Political theatre, such as a Prime Minister fretting in a war room while World War Three looms, should be a pressure cooker. Here, it plays more like a school production of a geopolitical thriller, undercutting the stakes it should be building. Simple exchanges lack weight, and R&AW agents dispatch adversaries with such ease that stakes start to feel like a forgotten concept.

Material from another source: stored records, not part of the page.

(* Let $x_0>0$, $y_0>0$, and let $T>0$, $c_0>0$ satisfy \[ |x_0|+|x_0-y_0^2|T\le c_0,\quad |y_0|+|y_0-x_0^2|T\le c_0,\quad |x_0|+c_0T+c_0^2T\le c_0,\quad |y_0|+c_0T+c_0^2T\le c_0. \] Then there exists $(x,y)\in C^1([0,T];\mathbb{R}^2)$ solving \[ \dot x(t)=x(t)-\max_{s\in[0,t]}y^2(s),\qquad \dot y(t)=y(t)-\max_{s\in[0,t]}x^2(s),\quad t\in[0,T],\qquad x(0)=x_0,\ y(0)=y_0. \] *)

From Stdlib Require Import Reals.
Open Scope R_scope.

Definition has_deriv_on (f f' : R -> R) (a b : R) : Prop :=
  forall t, a <= t <= b ->
    forall eps, 0 < eps -> exists delta, 0 < delta /\
      forall h, h <> 0 -> a <= t + h <= b -> Rabs h < delta ->
        Rabs ((f (t + h) - f t) / h - f' t) < eps.

Definition continuous_on (g : R -> R) (a b : R) : Prop :=
  forall t, a <= t <= b ->
    forall eps, 0 < eps -> exists delta, 0 < delta /\
      forall s, a <= s <= b -> Rabs (s - t) < delta -> Rabs (g s - g t) < eps.

Definition C1_on_with (f f' : R -> R) (a b : R) : Prop :=
  has_deriv_on f f' a b /\ continuous_on f' a b.

Definition is_max_on (g : R -> R) (a b m : R) : Prop :=
  (exists s, a <= s <= b /\ g s = m) /\ (forall s, a <= s <= b -> g s <= m).

(* Integrating the equations, a solution is a fixed point of the Picard map
     (u, v) |-> (x0 + int_0^t (u - max_[0,s] v^2), y0 + int_0^t (v - max_[0,s] u^2)).
   By h3 and h4 this map preserves the pairs of continuous functions bounded by c0 on [0,T].
   On such pairs max_[0,s] v^2 is 2 c0-Lipschitz in v, so the integrand is (1 + 2 c0)-Lipschitz
   and, for the Bielecki weight exp (2 (1 + 2 c0) t), the Picard map contracts by a factor 1/2.
   The Picard iterates therefore converge uniformly at a geometric rate to a fixed point, which
   is C^1 by the fundamental theorem of calculus. *)

From Stdlib Require Import Reals Lra Lia Psatz.
From Coquelicot Require Import Coquelicot.
Open Scope R_scope.

Definition clamp (T t : R) : R := Rmin T (Rmax 0 t).

Lemma clamp_in T t : 0 <= T -> 0 <= clamp T t <= T.
Proof. intros; unfold clamp, Rmin, Rmax; repeat destruct Rle_dec; lra. Qed.

Lemma clamp_id T t : 0 <= t <= T -> clamp T t = t.
Proof. intros; unfold clamp, Rmin, Rmax; repeat destruct Rle_dec; lra. Qed.

Lemma clamp_dist T s t : 0 <= T -> Rabs (clamp T s - clamp T t) <= Rabs (s - t).
Proof.
  intros; unfold clamp, Rmin, Rmax; repeat destruct Rle_dec;
    unfold Rabs; repeat destruct Rcase_abs; lra.
Qed.

Lemma exp_le_exp x y : x <= y -> exp x <= exp y.
Proof.
  intros [Hlt | ->]; [left; apply exp_increasing, Hlt | right; reflexivity].
Qed.

Lemma continuity_continuous_on f a b : continuity f -> continuous_on f a b.
Proof.
  intros Hf t _ eps Heps.
  destruct (Hf t eps Heps) as [d [Hd Hclose]].
  exists d; split; [exact Hd|]. intros s _ Hst.
  destruct (Req_dec s t) as [->|Hne].
  - unfold Rminus; rewrite Rplus_opp_r, Rabs_R0; exact Heps.
  - apply Hclose. split; [split; [exact I | congruence] | exact Hst].
Qed.

Lemma continuity_clamp g T :
  0 <= T -> continuous_on g 0 T -> continuity (fun s => g (clamp T s)).
Proof.
  intros HT Hg t eps Heps.
  destruct (Hg (clamp T t) (clamp_in T t HT) eps Heps) as [d [Hd Hclose]].
  exists d; split; [exact Hd|]. intros s [_ Hst]. simpl in *. unfold R_dist in *.
  apply Hclose.
  - exact (clamp_in T s HT).
  - pose proof (clamp_dist T s t HT). lra.
Qed.
Lemma omp_gain_factor (s a b w u G q X K : R) :
  0 < s -> s < 7%:R^-1 -> 0 < q -> 0 < X -> 0 <= b ->
  (1 - s ^+ 2) * a - s ^+ 2 * (b + w) - u <= G * q ->
  (1 - s ^+ 2) * w - s ^+ 2 * (a + b) - u <= 0 ->
  q * X <= a -> b ^+ 2 <= K * X ^+ 2 -> s * K <= q ^+ 2 ->
  u ^+ 2 <= ((1 + s ^+ 2) * s * q * X) ^+ 2 ->
  (1 - 3%:R * s) * X <= G.
Proof.
move=> s_gt0 s_lt q_gt0 X_gt0 b_ge0 corr tail aX b_sq sK u_sq.
have s_lt1 : s < 1 by apply: lt_trans s_lt _; rewrite invf_lt1 ?ltr1n ?ltr0n.
have bX : s ^+ 2 * b <= s * q * X.
  apply: le_of_sqr_le; first by rewrite !mulr_ge0 ?ltW.
  have := ler_wpM2l (exprn_ge0 4 (ltW s_gt0)) b_sq.
  have := ler_wpM2l (exprn_ge0 3 (ltW s_gt0)) (ler_wpM2r (sqr_ge0 X) sK).
  have : s ^+ 3 <= s ^+ 2 by rewrite !exprS expr0 !mulr1; nra.
  have := sqr_ge0 (q * X); nra.
have uX : u <= (1 + s ^+ 2) * s * q * X.
  apply: le_of_sqr_le u_sq; apply: mulr_ge0 (ltW X_gt0); apply: mulr_ge0 (ltW q_gt0).
  by apply: mulr_ge0 (ltW s_gt0); rewrite addr_ge0 ?sqr_ge0.
have d_gt0 : 0 < 1 - s ^+ 2 by nra.
(* [(1 - s^2) * corr + s^2 * tail] eliminates [w]. *)
have mixed : (1 - 2%:R * s ^+ 2) * a - s ^+ 2 * b - u <= (1 - s ^+ 2) * G * q.
  have := ler_wpM2l (ltW d_gt0) corr; have := ler_wpM2l (sqr_ge0 s) tail; nra.
have combined : (1 - 2%:R * s - 2%:R * s ^+ 2 - s ^+ 3) * q * X <= (1 - s ^+ 2) * G * q.
  have : (1 - 2%:R * s ^+ 2) * (q * X) <= (1 - 2%:R * s ^+ 2) * a by rewrite ler_wpM2l //; nra.
  nra.
have : (1 - 3%:R * s) * (1 - s ^+ 2) * X <= (1 - s ^+ 2) * G.
  rewrite -(ler_pM2r q_gt0); apply: le_trans combined; rewrite -subr_ge0.
  have -> : (1 - 2%:R * s - 2%:R * s ^+ 2 - s ^+ 3) * q * X - (1 - 3%:R * s) * (1 - s ^+ 2) * X * q
    = s * (1 - s - 4%:R * s ^+ 2) * (q * X) by ring.
  by rewrite !mulr_ge0 ?ltW // ?mulr_gt0 //; nra.
by rewrite mulrAC [(1 - s ^+ 2) * G]mulrC (ler_pM2r d_gt0).
Qed.

Lemma omp_gain_sqr_ge (s X g : R) : 0 < s -> s < 7%:R^-1 -> 0 <= X ->
  (1 - 3%:R * s) * X <= `|g| -> (1 - 7%:R * s) * X ^+ 2 <= g ^+ 2 / (1 + s ^+ 2).
Proof.
move=> s_gt0 s_lt X_ge0 Xg.
have s7 : s * 7%:R < 1 by rewrite -ltr_pdivlMr ?ltr0n // div1r.
rewrite ler_pdivlMr ?ltr_wpDr ?sqr_ge0 // -[g ^+ 2]real_normK ?num_real //.
have lhs_ge0 : 0 <= (1 - 3%:R * s) * X.
  by rewrite mulr_ge0 //; lra.
have sq_le : ((1 - 3%:R * s) * X) ^+ 2 <= `|g| ^+ 2.
  by rewrite ler_sqr ?nnegrE // (le_trans lhs_ge0).
apply: le_trans _ sq_le; rewrite -subr_ge0.
have -> : ((1 - 3%:R * s) * X) ^+ 2 - (1 - 7%:R * s) * X ^+ 2 * (1 + s ^+ 2)
  = s * (1 + 8%:R * s + 7%:R * s ^+ 2) * X ^+ 2 by ring.
by rewrite !mulr_ge0 ?sqr_ge0 ?(ltW s_gt0) //; have := sqr_ge0 s; lra.
Qed.
End GainAlgebra.

Section OMPStep.
Variables (R : rcfType) (m n K : nat) (Phi : 'M[R]_(m, n)) (delta : R).
Variables (x : 'cV[R]_n) (v : 'cV[R]_m) (Tk : {set 'I_n}) (xk : 'cV[R]_n) (t : 'I_n).
Hypotheses (delta_ge0 : 0 <= delta) (rip : RIP_ineq (2 * K) Phi delta).
Hypotheses (card_x : #|supp x| = K) (card_Tk : (#|Tk| <= K)%N) (supp_xk : supp xk \subset Tk).
Local Notation r := (resid Phi (Phi *m x + v) xk).
Hypothesis xk_min :
  forall u, supp u \subset Tk -> sqnorm r <= sqnorm (resid Phi (Phi *m x + v) u).
Hypothesis t_max : forall i, i \notin Tk -> `|colcorr Phi i r| <= `|colcorr Phi t r|.

Let z := x - xk.
Let U := supp x :|: Tk.

Let card_U : (#|U| <= 2 * K)%N.
Proof. by rewrite (leq_trans (leq_card_setU _ _)) // card_x mul2n -addnn leq_add2l. Qed.
(* Let $L\in\mathbb{N}$, $\alpha>0$, and let $\widetilde{ALG}$ be an online block packing algorithm with the following guarantee for capacities $\tilde B=(\tilde B_j)$: on every instance with $\tilde q_{\max}:=\max_{i,j}w_{ij}/\tilde B_j\le\alpha$, its output $\tilde x$ has average block size $\tilde B$ with slackness $\tilde\Delta$, and for every horizon $\tilde T$ and every allocation $\tilde y$ respecting per-block limits $\tilde B_j$, $SW_{[1:\tilde T+\tilde\Gamma]}(\tilde x)\ge\tilde\lambda\,SW_{[1:\tilde T]}(\tilde y)$. Let $B_j=\tilde B_j/L$. Then on every instance with $q_{\max}:=\max_{i,j}w_{ij}/B_j\le\alpha L$, the batching algorithm with parameter $L$ using $\widetilde{ALG}$ as oracle outputs an allocation $x$ of average block size $B=(B_j)$ with slackness $\Delta=(\tilde\Delta+1)L$ such that for every horizon $T$ and every allocation $y$ respecting per-block limits $B_j$, $$SW_{[1:T+\Gamma]}(x)\ge(1-\rho_{\max})^{L-1}\tilde\lambda\,SW_{[1:T]}(y),\qquad\Gamma=(\tilde\Gamma+1)L,$$ where $\rho_{\max}=\max_i\rho_i$. This holds both when the comparison allocations $\tilde y,y$ range over integral allocations and when they range over fractional allocations.
   Context: Online block packing: $m$ resources; transactions $i$ with arrival time $a_i\in\{1,2,\dots\}$, base value $v_i\ge0$, discount $\rho_i\in[0,1]$, demand $w_i\in\mathbb{R}_+^m$; value in block $t\ge a_i$ is $v_i^t=v_i(1-\rho_i)^{t-a_i}$. An allocation is $x=\{x_i^t\}$ with $x_i^t\in[0,1]$ ($\{0,1\}$ if integral), $x_i^t=0$ for $t<a_i$, $\sum_tx_i^t\le1$; it respects per-block limits $B_j$ if $\sum_iw_{ij}x_i^t\le B_j$ for all $t,j$; it has average block size $B$ with slackness $\Delta$ if for all $T_0,K\ge1$ and $j$, $\sum_{t=T_0}^{T_0+K-1}\sum_ix_i^tw_{ij}\le(K+\Delta)B_j$. $SW_{[1:T]}(x)=\sum_{t=1}^T\sum_ix_i^tv_i^t$. An online algorithm decides block $t$ using only transactions with $a_i\le t$. Batching algorithm with parameter $L$: for each block $t$, if $t$ is not a multiple of $L$ the block is empty ($x_i^t=0$ for all $i$); if $t=\tilde tL$, the batch $\tilde A_{\tilde t}=\{i:t-L<a_i\le t\}$ is fed to $\widetilde{ALG}$ as the transactions arriving at its time step $\tilde t$, where transaction $i$ is given base value $\tilde v_i=v_i(1-\rho_i)^{\tilde tL-a_i}$, discount factor $\tilde\rho_i=1-(1-\rho_i)^L$ and the same demand $w_i$; $\widetilde{ALG}$'s block $\tilde t$ output $\tilde x_i^{\tilde t}$ is used as $x_i^t=\tilde x_i^{\tilde t}$. *)

From HB Require Import structures.
From mathcomp Require Import all_boot all_order all_algebra.
Set Implicit Arguments. Unset Strict Implicit. Unset Printing Implicit Defensive.
Import Order.TTheory GRing.Theory Num.Theory.
Local Open Scope ring_scope.

Section BlockPacking.
Variable R : realFieldType.
Variable m : nat.

(* An instance with n transactions indexed by 'I_n: arrival time a_i,
   base value v_i, discount rho_i, demand w_i in R_+^m. *)
Record instance (n : nat) := Instance {
  arr : 'I_n -> nat;
  bval : 'I_n -> R;
  disc : 'I_n -> R;
  dem : 'I_n -> 'I_m -> R }.

Definition valid_instance n (I : instance n) : Prop :=
  forall i, (1 <= arr I i)%N /\ 0 <= bval I i /\ 0 <= disc I i <= 1 /\
            (forall j, 0 <= dem I i j).

(* v_i^t = v_i (1 - rho_i)^(t - a_i)  (only used for t >= a_i) *)
Definition value n (I : instance n) (i : 'I_n) (t : nat) : R :=
  bval I i * (1 - disc I i) ^+ (t - arr I i).

(* allocation x_i^t (blocks t = 1, 2, ...); integral = true requires {0,1} *)
Definition is_allocation (integral : bool) n (I : instance n)
    (x : 'I_n -> nat -> R) : Prop :=
  (forall i t, 0 <= x i t <= 1) /\
  (integral -> forall i t, x i t = 0 \/ x i t = 1) /\
  (forall i t, (t < arr I i)%N -> x i t = 0) /\
  (forall i N, \sum_(t < N) x i t <= 1).

Definition respects_limits n (I : instance n) (B : 'I_m -> R)
    (x : 'I_n -> nat -> R) : Prop :=
  forall t j, \sum_i dem I i j * x i t <= B j.

Definition avg_block_size n (I : instance n) (B : 'I_m -> R) (Delta : R)
    (x : 'I_n -> nat -> R) : Prop :=
  forall T0 K j, (1 <= T0)%N -> (1 <= K)%N ->
    \sum_(T0 <= t < T0 + K) \sum_i x i t * dem I i j <= (K%:R + Delta) * B j.

Definition SW n (I : instance n) (x : 'I_n -> nat -> R) (T : nat) : R :=
  \sum_(1 <= t < T.+1) \sum_i x i t * value I i t.

Definition qmax_le n (I : instance n) (B : 'I_m -> R) (a : R) : Prop :=
  forall i j, dem I i j / B j <= a.

Definition rho_max n (I : instance n) : R := \big[Num.max/0]_i disc I i.

Definition algorithm := forall n, instance n -> 'I_n -> nat -> R.

Definition online (ALG : algorithm) : Prop :=
  forall n (I I' : instance n) t,
    (forall i, (arr I i <= t)%N = (arr I' i <= t)%N) ->
    (forall i, (arr I i <= t)%N ->
       [/\ arr I i = arr I' i, bval I i = bval I' i, disc I i = disc I' i
         & dem I i = dem I' i]) ->
    forall i, ALG n I i t = ALG n I' i t.

(* the batched instance: transaction i belongs to batch ta_i = ceil(a_i/L),
   i.e. ta_i L - L < a_i <= ta_i L *)
Definition batch_arr (L : nat) n (I : instance n) (i : 'I_n) : nat :=
  ((arr I i + L.-1) %/ L)%N.

Definition batch_inst (L : nat) n (I : instance n) : instance n :=
  Instance (batch_arr L I)
    (fun i => bval I i * (1 - disc I i) ^+ (batch_arr L I i * L - arr I i))
    (fun i => 1 - (1 - disc I i) ^+ L)
    (dem I).

Definition batching (ALG : algorithm) (L : nat) n (I : instance n)
    : 'I_n -> nat -> R :=
  fun i t => if (L %| t)%N then ALG n (batch_inst L I) i (t %/ L)%N else 0.

End BlockPacking.

From HB Require Import structures.
From mathcomp Require Import all_boot all_order all_algebra.
From mathcomp Require Import zify ring lra.
Set Implicit Arguments. Unset Strict Implicit. Unset Printing Implicit Defensive.
Import Order.TTheory GRing.Theory Num.Theory.
Local Open Scope ring_scope.

(* Batch k collects the transactions arriving in blocks (k-1)L+1, ..., kL and
   is served in block kL.  Measured per batch, a transaction of discount rho
   loses the factor (1-rho)^L, so the oracle's output, stretched back to the
   blocks L, 2L, ..., earns in the original instance exactly its welfare in the
   batched instance.  Conversely, summing an allocation y within the limits B
   over each window of L consecutive blocks gives an allocation of the batched
   instance within the limits L B; it serves every unit of y at most L-1 blocks
   later, hence loses at most the factor (1 - rho_max)^(L-1).  The oracle's
   guarantee, with the horizon rounded up to a multiple of L, gives the welfare
   bound; a window of K blocks meets at most K/L + 1 batch blocks, which gives
   the slackness. *)

Definition cdivn (L a : nat) : nat := ((a + L.-1) %/ L)%N.

Section CeilingDivision.
Variable L : nat.
Hypothesis L_gt0 : (0 < L)%N.

Lemma leq_cdivnL a k : (cdivn L a <= k)%N = (a <= k * L)%N.
Proof. by rewrite -ltnS ltn_divLR // mulSn; apply/idP/idP; lia. Qed.

Lemma cdivnM_ge a : (a <= cdivn L a * L)%N.
Proof. by rewrite -leq_cdivnL. Qed.

Lemma cdivnM_le a : (cdivn L a * L <= a + L.-1)%N.
Proof. exact: leq_divM. Qed.

Lemma cdivn_mulnK k : cdivn L (k * L)%N = k.
Proof. by rewrite /cdivn divnMDl // divn_small ?addn0 // prednK. Qed.

Lemma cdiv0n : cdivn L 0%N = 0%N.
Proof. exact: (cdivn_mulnK 0). Qed.

Lemma cdivnS a : cdivn L a.+1 = (cdivn L a + (L %| a))%N.
Proof.
by rewrite /cdivn addSn divnS // -addnS prednK // dvdn_addl ?dvdnn // addnC.
Qed.

Lemma sum_on_multiples (V : nmodType) (f : nat -> V) a b : (a <= b)%N ->
  \sum_(a <= t < b) (if (L %| t)%N then f (t %/ L)%N else 0)
  = \sum_(cdivn L a <= k < cdivn L b) f k.
Proof.
elim: b => [|b IH]; first by rewrite leqn0 => /eqP ->; rewrite !big_geq.
rewrite leq_eqVlt => /orP [/eqP -> | ]; first by rewrite !big_geq.
rewrite ltnS => le_ab; rewrite big_nat_recr //= IH // cdivnS.
case: ifP => [/dvdnP [q b_eq] | _]; last by rewrite addn0 addr0.
rewrite b_eq mulnK // cdivn_mulnK addn1 big_nat_recr //=.
by rewrite leq_cdivnL -b_eq.
Qed.

End CeilingDivision.

Lemma sum_nat_blocks (V : nmodType) (g : nat -> V) L K :
  \sum_(1 <= t < (K * L)%N.+1) g t =
  \sum_(1 <= k < K.+1) \sum_((k.-1 * L)%N.+1 <= t < (k * L)%N.+1) g t.
Proof.
elim: K => [|K IH]; first by rewrite mul0n !big_geq.
rewrite [RHS]big_nat_recr //= -IH (big_cat_nat _ (n := (K * L).+1)) //=.
by rewrite ltnS mulSn leq_addl.
Qed.

Lemma sum_zero_one (R : numDomainType) (T : Type) (r : seq T) (f : T -> R) :
  (forall i, f i = 0 \/ f i = 1) -> \sum_(i <- r) f i <= 1 ->
  \sum_(i <- r) f i = 0 \/ \sum_(i <- r) f i = 1.
Proof.
move=> f01; have -> : \sum_(i <- r) f i = (count (fun i => f i == 1) r)%:R.
  elim: r => [|i r IH]; first by rewrite big_nil.
  by rewrite big_cons IH /=; case: (f01 i) => ->;
    rewrite ?eqxx ?natrD // eq_sym oner_eq0 add0r.
by rewrite lern1; case: count => [|[|]] //; [left | right].
Qed.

Verdict: Watchable Once, Thinkable Zero Times After

The film ends by teasing a part two, a head-scratcher given how much this outing has already revealed, including Sarathkumar's supposedly enigmatic arc. With a critic's rating of 2.5 and a user's rating of 2.5, Mr. X is watchable once but thinkable zero times after. It's a patchy spy thriller that, despite Arya's compelling physicality and some engaging action, fails to deliver a cohesive or memorable experience.